What you should do: The line with "Set Implicit Arguments." marks where to begin. Please copy it and each line after it to the end of the records below, exactly.

Collected data entries:
________

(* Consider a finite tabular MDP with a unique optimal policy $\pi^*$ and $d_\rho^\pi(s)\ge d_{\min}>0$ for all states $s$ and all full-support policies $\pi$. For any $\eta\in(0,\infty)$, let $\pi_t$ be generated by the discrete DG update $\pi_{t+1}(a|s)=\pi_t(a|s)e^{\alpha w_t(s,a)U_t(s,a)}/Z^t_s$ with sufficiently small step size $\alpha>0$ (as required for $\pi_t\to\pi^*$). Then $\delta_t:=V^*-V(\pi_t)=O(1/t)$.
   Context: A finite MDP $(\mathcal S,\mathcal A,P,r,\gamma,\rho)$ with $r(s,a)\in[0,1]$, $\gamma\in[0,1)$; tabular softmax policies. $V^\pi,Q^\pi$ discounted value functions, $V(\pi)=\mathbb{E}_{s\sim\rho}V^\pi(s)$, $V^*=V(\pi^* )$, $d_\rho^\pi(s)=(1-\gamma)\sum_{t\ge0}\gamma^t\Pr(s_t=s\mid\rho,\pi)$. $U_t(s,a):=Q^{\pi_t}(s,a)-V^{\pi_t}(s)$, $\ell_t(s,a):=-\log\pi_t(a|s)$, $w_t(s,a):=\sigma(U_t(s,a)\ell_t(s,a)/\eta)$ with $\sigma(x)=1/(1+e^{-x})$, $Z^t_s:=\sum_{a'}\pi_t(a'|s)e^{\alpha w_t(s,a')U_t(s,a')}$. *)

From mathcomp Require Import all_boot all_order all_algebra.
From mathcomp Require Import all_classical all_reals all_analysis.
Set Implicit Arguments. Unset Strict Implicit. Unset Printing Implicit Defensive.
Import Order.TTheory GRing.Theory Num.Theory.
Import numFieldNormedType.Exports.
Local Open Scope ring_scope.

________

Response below:
Set Implicit Arguments. Unset Strict Implicit. Unset Printing Implicit Defensive.
Import Order.TTheory GRing.Theory Num.Theory.
Import numFieldNormedType.Exports.
Local Open Scope ring_scope.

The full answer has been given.